(* Let $X$ have the standard Cauchy distribution. Then the distribution function $F(x)=\frac{2}{\pi}\arctan(x)$, $x\ge0$, of $|X|$ satisfies $F\in\mathcal{S}_C$ but $F\notin\mathcal{S}_F$.
   Context: For a distribution function $G$, $G^{-1}(u)=\inf\{x\in\mathbb{R}:G(x)\ge u\}$ for $0<u<1$. For distribution functions $F,G$, write $F\le_{skew}G$ if the function $x\mapsto G^{-1}(F(x))$ is convex (on the set of $x$ with $0<F(x)<1$). For a distribution function $F$, $\mathcal{S}(F)=\{G: F\le_{skew}G\}$. Set $\mathcal{S}_F=\mathcal{S}(F_F)$ with $F_F(x)=e^{-1/x}$, $x>0$ (standard Fréchet), and $\mathcal{S}_C=\mathcal{S}(F_C)$ with $F_C(x)=\frac1\pi\arctan(x)+\frac12$, $x\in\mathbb{R}$ (Cauchy). *)

From HB Require Import structures.
From mathcomp Require Import all_boot all_order all_algebra.
From mathcomp Require Import all_classical all_reals all_analysis.
Set Implicit Arguments. Unset Strict Implicit. Unset Printing Implicit Defensive.
Import Order.TTheory GRing.Theory Num.Theory numFieldNormedType.Exports.
Local Open Scope classical_set_scope.
Local Open Scope ring_scope.

Section Defs.
Variable R : realType.

Definition distribution_function (G : R -> R) : Prop :=
  [/\ {homo G : x y / x <= y},
      (forall x : R, G @ x^'+ --> G x),
      G x @[x --> -oo] --> (0 : R) &
      G x @[x --> +oo] --> (1 : R)].

Definition ginv (G : R -> R) (u : R) : R := inf [set x | u <= G x].

Definition skew_le (F G : R -> R) : Prop :=
  forall x y t : R,
    0 < F x < 1 -> 0 < F y < 1 -> 0 <= t <= 1 ->
    0 < F (t * x + (1 - t) * y) < 1 ->
    ginv G (F (t * x + (1 - t) * y))
      <= t * ginv G (F x) + (1 - t) * ginv G (F y).

Definition skew_class (F : R -> R) : set (R -> R) :=
  [set G | distribution_function G /\ skew_le F G].

Definition F_Frechet (x : R) : R := if 0 < x then expR (- x^-1) else 0.

Definition F_Cauchy (x : R) : R := pi^-1 * atan x + 2^-1.

Definition S_F : set (R -> R) := skew_class F_Frechet.
Definition S_C : set (R -> R) := skew_class F_Cauchy.

Definition F_absCauchy (x : R) : R := if 0 <= x then 2 / pi * atan x else 0.

End Defs.

From HB Require Import structures.
From mathcomp Require Import all_boot all_order all_algebra.
From mathcomp Require Import all_classical all_reals all_analysis.
From mathcomp Require Import ring lra.
Set Implicit Arguments. Unset Strict Implicit. Unset Printing Implicit Defensive.
Import Order.TTheory GRing.Theory Num.Theory numFieldNormedType.Exports.
Local Open Scope classical_set_scope.
Local Open Scope ring_scope.

(* On [0, +oo) the distribution function of |X| is 2/pi * atan, so its
   quantile function is u |-> tan (u pi / 2).  Composed with the Cauchy
   distribution function this gives z |-> tan (pi/4 + atan z / 2) = z + sqrt (1 + z^2),
   which is convex.  Composed with the Frechet distribution function it gives
   x |-> tan (pi/2 exp (-1/x)); its values tan (pi/6), tan (pi/4) = 1 and
   tan (pi/3) at the points 1/ln 3 < 1/ln 2 < 1/ln (3/2) violate convexity. *)

Section SkewAbsCauchy.
Variable R : realType.
Implicit Types (a b t u x y z : R).

Lemma ginv_eq_min (G : R -> R) u x0 :
  u <= G x0 -> (forall x, u <= G x -> x0 <= x) -> ginv G u = x0.
Proof.
move=> Gx0 x0_lb; apply/eqP; rewrite eq_le; apply/andP; split.
  by apply: ge_inf => //; exists x0 => y /x0_lb.
by apply: lb_le_inf => [|y /x0_lb]; first exists x0.
Qed.

Lemma mul_pihalf_itv u : 0 < u < 1 -> 0 < u * (pi / 2) < pi / 2.
Proof. by move=> /andP[u0 u1]; rewrite mulr_gt0 ?gtr_pMl ?divr_gt0 ?pi_gt0. Qed.

Lemma pihalf_itvN a : 0 < a < pi / 2 -> - (pi / 2) < a < pi / 2.
Proof.
by move=> /andP[a0 ->]; rewrite andbT (lt_trans _ a0) // oppr_lt0 divr_gt0 ?pi_gt0.
Qed.

Lemma tan_gt0_pihalf a : 0 < a < pi / 2 -> 0 < tan a.
Proof.
move=> a_itv; rewrite divr_gt0 ?sin_gt0_pihalf //.
exact/cos_gt0_pihalf/pihalf_itvN.
Qed.

Lemma tan_pihalfB a : tan (pi / 2 - a) = (tan a)^-1.
Proof. by rewrite /tan -opprB sinN cosN sinBpihalf cosBpihalf opprK invf_div. Qed.

Lemma tan_half_angle a : cos a != 0 -> tan a = sin (a *+ 2) / (1 + cos (a *+ 2)).
Proof.
move=> cos_a; rewrite sin_mulr2n cos_mulr2n addrC subrK /tan.
rewrite -(mulr_natr (cos a * sin a)) -(mulr_natr (cos a ^+ 2)).
rewrite invfM mulrACA divff ?pnatr_eq0 // mulr1.
by rewrite expr2 invfM mulrACA divff // mul1r.
Qed.

Lemma sin_atan z : sin (atan z) = z / Num.sqrt (1 + z ^+ 2).
Proof.
rewrite -{1}[z in RHS](atanK z) /tan cos_atan divfK // invr_neq0 // gt_eqF //.
by rewrite sqrtr_gt0 ltr_pwDl ?sqr_ge0.
Qed.

(* tan (pi/3) = 2 tan (pi/6) / (1 - tan (pi/6)^2) is also 1 / tan (pi/6). *)
Lemma tan_pisixth_sqr : tan (3^-1 * (pi / 2)) ^+ 2 = 3^-1 :> R.
Proof.
have b_itv := @mul_pihalf_itv 3^-1 ltac:(lra).
set b := 3^-1 * (pi / 2) in b_itv *; set p := tan b.
have p0 : 0 < p := tan_gt0_pihalf b_itv.
have : p^-1 = p *+ 2 / (1 - p ^+ 2).
  rewrite -tan_pihalfB -tan_mulr2n ?gt_eqF ?cos_gt0_pihalf ?pihalf_itvN //.
  by congr tan; rewrite /b mulr2n; move: pi => q; field.
have [-> | p2_ne1] := eqVneq (1 - p ^+ 2) 0.
  by rewrite invr0 mulr0 => /eqP; rewrite invr_eq0 gt_eqF.
move=> /(congr1 (fun w => w * p * (1 - p ^+ 2))).
rewrite mulVf ?gt_eqF // mul1r mulrAC divfK // mulrnAl -expr2 => h; lra.
Qed.

Lemma tan_pisixth_mix_lt1 t : 16 / 25 < t ->
  t * tan (3^-1 * (pi / 2)) + (1 - t) / tan (3^-1 * (pi / 2)) < 1 :> R.
Proof.
have p0 := tan_gt0_pihalf (@mul_pihalf_itv 3^-1 ltac:(lra)).
have := tan_pisixth_sqr; move: (tan _) p0 => p p0 p2 t_gt.
rewrite -(ltr_pM2r p0) mul1r.
have -> : (t * p + (1 - t) / p) * p = t * p ^+ 2 + (1 - t) by field; rewrite gt_eqF.
rewrite p2 ltNge; apply/negP => p_le.
have : p ^+ 2 < 43 / 75 * (43 / 75) by rewrite expr2 ltr_pM ?(ltW p0) //; lra.
lra.
Qed.

Local Notation F := (@F_absCauchy R).

Lemma F_absCauchyE x : 0 <= x -> F x = 2 / pi * atan x.
Proof. by rewrite /F_absCauchy => ->. Qed.

Lemma F_absCauchy_ge0 x : 0 <= F x.
Proof.
rewrite /F_absCauchy; case: ifP => // x0.
by rewrite mulr_ge0 ?divr_ge0 ?(ltW (@pi_gt0 R)) // -atan0 le_atan.
Qed.

Lemma F_absCauchy_lt x y : 0 < y -> x < y -> F x < F y.
Proof.
move=> y0 xy; have k0 : 0 < 2 / pi :> R by rewrite divr_gt0 ?pi_gt0.
rewrite (F_absCauchyE (ltW y0)) /F_absCauchy; case: ifP => _.
  by rewrite ltr_pM2l // lt_atan.
by rewrite mulr_gt0 // -atan0 lt_atan.
Qed.

Lemma F_absCauchy_tan a : 0 < a < pi / 2 -> F (tan a) = a / (pi / 2).
Proof.
move=> a_itv; rewrite F_absCauchyE ?ltW ?tan_gt0_pihalf //.
rewrite tanK; last by rewrite in_itv /= pihalf_itvN.
by rewrite mulrC invf_div mulrA.
Qed.

Lemma ginv_F_absCauchy u : 0 < u < 1 -> ginv F u = tan (u * (pi / 2)).
Proof.
move=> u01; have a_itv := mul_pihalf_itv u01.
have Fa : F (tan (u * (pi / 2))) = u.
  by rewrite F_absCauchy_tan // mulfK // gt_eqF ?divr_gt0 ?pi_gt0.
apply: ginv_eq_min => [|x u_le]; first by rewrite Fa.
rewrite leNgt; apply/negP => /(F_absCauchy_lt (tan_gt0_pihalf a_itv)).
by rewrite Fa ltNge u_le.
Qed.

Lemma ginv_F_absCauchy_1B u : 0 < u < 1 -> ginv F (1 - u) = (ginv F u)^-1.
Proof.
move=> u01; rewrite !ginv_F_absCauchy -?tan_pihalfB ?mulrBl ?mul1r //; lra.
Qed.
Lemma distribution_function_F_absCauchy : distribution_function F.
Proof.
have k0 : 0 < 2 / pi :> R by rewrite divr_gt0 ?pi_gt0.
have F_atan : {near +oo, (fun y => 2 / pi * atan y) =1 F}.
  by near=> y; rewrite F_absCauchyE.
split.
- move=> x y xy; case: (leP 0 x) => x0.
    by rewrite !F_absCauchyE ?(le_trans x0 xy) // ler_pM2l // le_atan.
  rewrite {1}/F_absCauchy ifF ?F_absCauchy_ge0 //.
  by apply/negbTE; rewrite -ltNge.
- move=> x; case: (leP 0 x) => x0.
    have F_atan_right : {near x^'+, (fun y => 2 / pi * atan y) =1 F}.
      near=> y; rewrite F_absCauchyE //; apply: le_trans x0 (ltW _).
      near: y; exact: nbhs_right_gt.
    apply: cvg_trans (near_eq_cvg F_atan_right) _.
    rewrite F_absCauchyE //; apply: cvg_at_right_filter.
    exact: (cvgMl_tmp (a := 2 / pi) (@continuous_atan R x)).
  apply: cvg_near_cst; near=> y.
  rewrite /F_absCauchy !ifF //; first by apply/negbTE; rewrite -ltNge.
  apply/negbTE; rewrite -ltNge; near: y; exact: nbhs_right_lt.
- apply: cvg_near_cst; near=> y; rewrite /F_absCauchy ifF //; apply/negbTE; rewrite -ltNge.
  by near: y; exact: nbhs_ninfty_lt.
- apply: cvg_trans (near_eq_cvg F_atan) _.
  have k_pihalf : 2 / pi * (pi / 2) = 1 :> R.
    by move: pi (@pi_gt0 R) => p p0; field; rewrite gt_eqF.
  by have := cvgMl_tmp (a := 2 / pi) (@cvgy_atan R); rewrite k_pihalf; exact.
Unshelve. all: by end_near.
Qed.

Lemma F_Cauchy_in01 z : 0 < F_Cauchy z < 1.
Proof.
have pi0 := @pi_gt0 R; rewrite /F_Cauchy.
have := atan_gtNpi2 z; have := atan_ltpi2 z; move: (atan z) => t.
move: pi pi0 => p p0 tp ptp; apply/andP; split.
- rewrite -ltrBlDr sub0r -ltr_pdivrMl ?invr_gt0 // invrK; lra.
- rewrite -ltrBrDr -ltr_pdivlMl ?invr_gt0 // invrK; lra.
Qed.

(* tan (pi/4 + atan z / 2) = cos (atan z) / (1 - sin (atan z)) = 1 / (s - z),
   and (s - z) (s + z) = 1 for s = sqrt (1 + z^2). *)
Lemma ginv_F_absCauchy_Cauchy z :
  ginv F (F_Cauchy z) = z + Num.sqrt (1 + z ^+ 2).
Proof.
have pi0 := @pi_gt0 R.
have a_itv := mul_pihalf_itv (F_Cauchy_in01 z).
rewrite ginv_F_absCauchy ?F_Cauchy_in01 //.
set a := F_Cauchy z * (pi / 2) in a_itv *; set s := Num.sqrt (1 + z ^+ 2).
have two_a : a *+ 2 = atan z + pi / 2.
  by rewrite /a /F_Cauchy -mulr_natr; move: pi pi0 => p p0; field; rewrite gt_eqF.
have cos_a : cos a != 0 by rewrite gt_eqF ?cos_gt0_pihalf ?pihalf_itvN.
have s0 : 0 < s by rewrite sqrtr_gt0 ltr_pwDl ?sqr_ge0.
have s2 : s ^+ 2 = 1 + z ^+ 2 by rewrite sqr_sqrtr // addr_ge0 ?sqr_ge0.
have zs : z < s.
  apply: le_lt_trans (ler_norm z) _.
  rewrite -(ltr_pXn2r (n := 2)) ?nnegrE ?normr_ge0 ?(ltW s0) //.
  by rewrite real_normK ?num_real // s2 ltrDr.
rewrite tan_half_angle // two_a sinDpihalf cosDpihalf cos_atan sin_atan -/s.
apply: (@mulIf _ (s - z)); first by rewrite subr_eq0 gt_eqF.
have -> : (z + s) * (s - z) = 1.
  have -> : (z + s) * (s - z) = s ^+ 2 - z ^+ 2 by ring.
  by rewrite s2 addrK.
by field; rewrite subr_eq0 gt_eqF //= gt_eqF.
Qed.

Lemma sqrt1Dsqr_mul_ge x y :
  1 + x * y <= Num.sqrt (1 + x ^+ 2) * Num.sqrt (1 + y ^+ 2).
Proof.
rewrite -sqrtrM ?addr_ge0 ?sqr_ge0 //.
apply: le_trans (ler_norm _) _; rewrite -sqrtr_sqr ler_sqrt ?mulr_ge0 ?addr_ge0 ?sqr_ge0 //.
by have := sqr_ge0 (x - y); rewrite !expr2 => ?; nra.
Qed.

Lemma convex_sqrt1Dsqr x y t : 0 <= t <= 1 ->
  Num.sqrt (1 + (t * x + (1 - t) * y) ^+ 2)
    <= t * Num.sqrt (1 + x ^+ 2) + (1 - t) * Num.sqrt (1 + y ^+ 2).
Proof.
move=> /andP[t0 t1]; set A := Num.sqrt (1 + x ^+ 2); set B := Num.sqrt (1 + y ^+ 2).
have W0 : 0 <= t * A + (1 - t) * B by rewrite addr_ge0 // mulr_ge0 ?sqrtr_ge0 ?subr_ge0.
rewrite -(ger0_norm W0) -sqrtr_sqr ler_sqrt ?sqr_ge0 //.
have AB := sqrt1Dsqr_mul_ge x y; rewrite -/A -/B in AB.
have [A2 B2] : A ^+ 2 = 1 + x ^+ 2 /\ B ^+ 2 = 1 + y ^+ 2.
  by rewrite !sqr_sqrtr ?addr_ge0 ?sqr_ge0.
have tt : 0 <= 2 * t * (1 - t) by rewrite !mulr_ge0 ?subr_ge0.
have := ler_wpM2l tt AB.
have -> : (t * A + (1 - t) * B) ^+ 2
  = t ^+ 2 * A ^+ 2 + (1 - t) ^+ 2 * B ^+ 2 + 2 * t * (1 - t) * (A * B) by ring.
rewrite A2 B2 => ?; lra.
Qed.

Lemma skew_le_Cauchy_absCauchy : skew_le (@F_Cauchy R) F.
Proof.
move=> x y t _ _ t01 _; rewrite !ginv_F_absCauchy_Cauchy.
have -> : t * (x + Num.sqrt (1 + x ^+ 2)) + (1 - t) * (y + Num.sqrt (1 + y ^+ 2))
  = (t * x + (1 - t) * y)
    + (t * Num.sqrt (1 + x ^+ 2) + (1 - t) * Num.sqrt (1 + y ^+ 2)) by ring.
by rewrite lerD2l convex_sqrt1Dsqr.
Qed.

Lemma F_Frechet_lnV (k : R) : 1 < k -> F_Frechet (ln k)^-1 = k^-1.
Proof.
move=> k1; have k0 : 0 < k := lt_trans ltr01 k1.
by rewrite /F_Frechet invr_gt0 ln_gt0 // invrK expRN lnK.
Qed.

Lemma ln3_ln2_bound : 5 * ln 3 < 8 * ln 2 :> R.
Proof.
rewrite !mulr_natl -!lnXn ?ltr0n // ltr_ln ?posrE ?exprn_gt0 ?ltr0n //.
by rewrite -!natrX ltr_nat.
Qed.

Definition harmonic_weight a b := a * (2 * b - a) / b ^+ 2.

Lemma harmonic_weightE a b : 0 < b < a ->
  harmonic_weight a b / a + (1 - harmonic_weight a b) / (a - b) = b^-1.
Proof.
by move=> /andP[b0 ba]; rewrite /harmonic_weight; field; rewrite !gt_eqF ?subr_gt0 //; lra.
Qed.

Lemma harmonic_weight_le1 a b : 0 < b -> harmonic_weight a b <= 1.
Proof.
move=> b0; rewrite /harmonic_weight ler_pdivrMr ?exprn_gt0 //.
by have := sqr_ge0 (a - b); rewrite !expr2 => ?; lra.
Qed.

Lemma harmonic_weight_gt a b : 0 < b -> 2 * b < 5 * a -> 5 * a < 8 * b ->
  16 / 25 < harmonic_weight a b.
Proof.
move=> b0 lb ub; rewrite /harmonic_weight ltr_pdivlMr ?exprn_gt0 //.
have : 0 < (5 * a - 2 * b) * (8 * b - 5 * a) by rewrite mulr_gt0 ?subr_gt0.
by rewrite expr2 => ?; lra.
Qed.

Lemma not_skew_le_Frechet_absCauchy : ~ skew_le (@F_Frechet R) F.
Proof.
move=> skew.
have F3 : F_Frechet (ln 3)^-1 = 3^-1 :> R by rewrite F_Frechet_lnV ?ltr1n.
have F2 : F_Frechet (ln 2)^-1 = 2^-1 :> R by rewrite F_Frechet_lnV ?ltr1n.
have F32 : F_Frechet (ln 3 - ln 2)^-1 = 1 - 3^-1 :> R.
  have k1 : 1 < 3 / 2 :> R by lra.
  by rewrite -ln_div ?posrE ?ltr0n // F_Frechet_lnV // invf_div; lra.
have b0 : 0 < ln 2 :> R by rewrite ln_gt0 ?ltr1n.
have ba : ln 2 < ln 3 :> R by rewrite ltr_ln ?posrE ?ltr0n // ltr_nat.
have lb : 2 * ln 2 < 5 * ln 3 :> R by lra.
have t_gt := harmonic_weight_gt b0 lb ln3_ln2_bound.
have t_le := harmonic_weight_le1 (ln 3) b0.
have := skew (ln 3)^-1 (ln 3 - ln 2)^-1 (harmonic_weight (ln 3) (ln 2)).
rewrite harmonic_weightE ?b0 // F3 F2 F32 ginv_F_absCauchy_1B ?ginv_F_absCauchy; try lra.
move/(_ ltac:(lra) ltac:(lra) ltac:(lra) ltac:(lra)).
have -> : tan (2^-1 * (pi / 2)) = 1 :> R.
  by rewrite -[in RHS]tan_piquarter; congr tan; move: pi => q; field.
by rewrite leNgt tan_pisixth_mix_lt1.
Qed.

End SkewAbsCauchy.

Theorem mainTheorem8 (R : realType) :
  S_C (@F_absCauchy R) /\ ~ S_F (@F_absCauchy R).
Proof.
split.
- by split; [exact: distribution_function_F_absCauchy | exact: skew_le_Cauchy_absCauchy].
- by case=> _; exact: not_skew_le_Frechet_absCauchy.
Qed.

EXERCISE BRIEF: Copy the lines of the entries above that mention "negP".

SOLUTION TO THIS TASK:
rewrite p2 ltNge; apply/negP => p_le.
rewrite leNgt; apply/negP => /(F_absCauchy_lt (tan_gt0_pihalf a_itv)).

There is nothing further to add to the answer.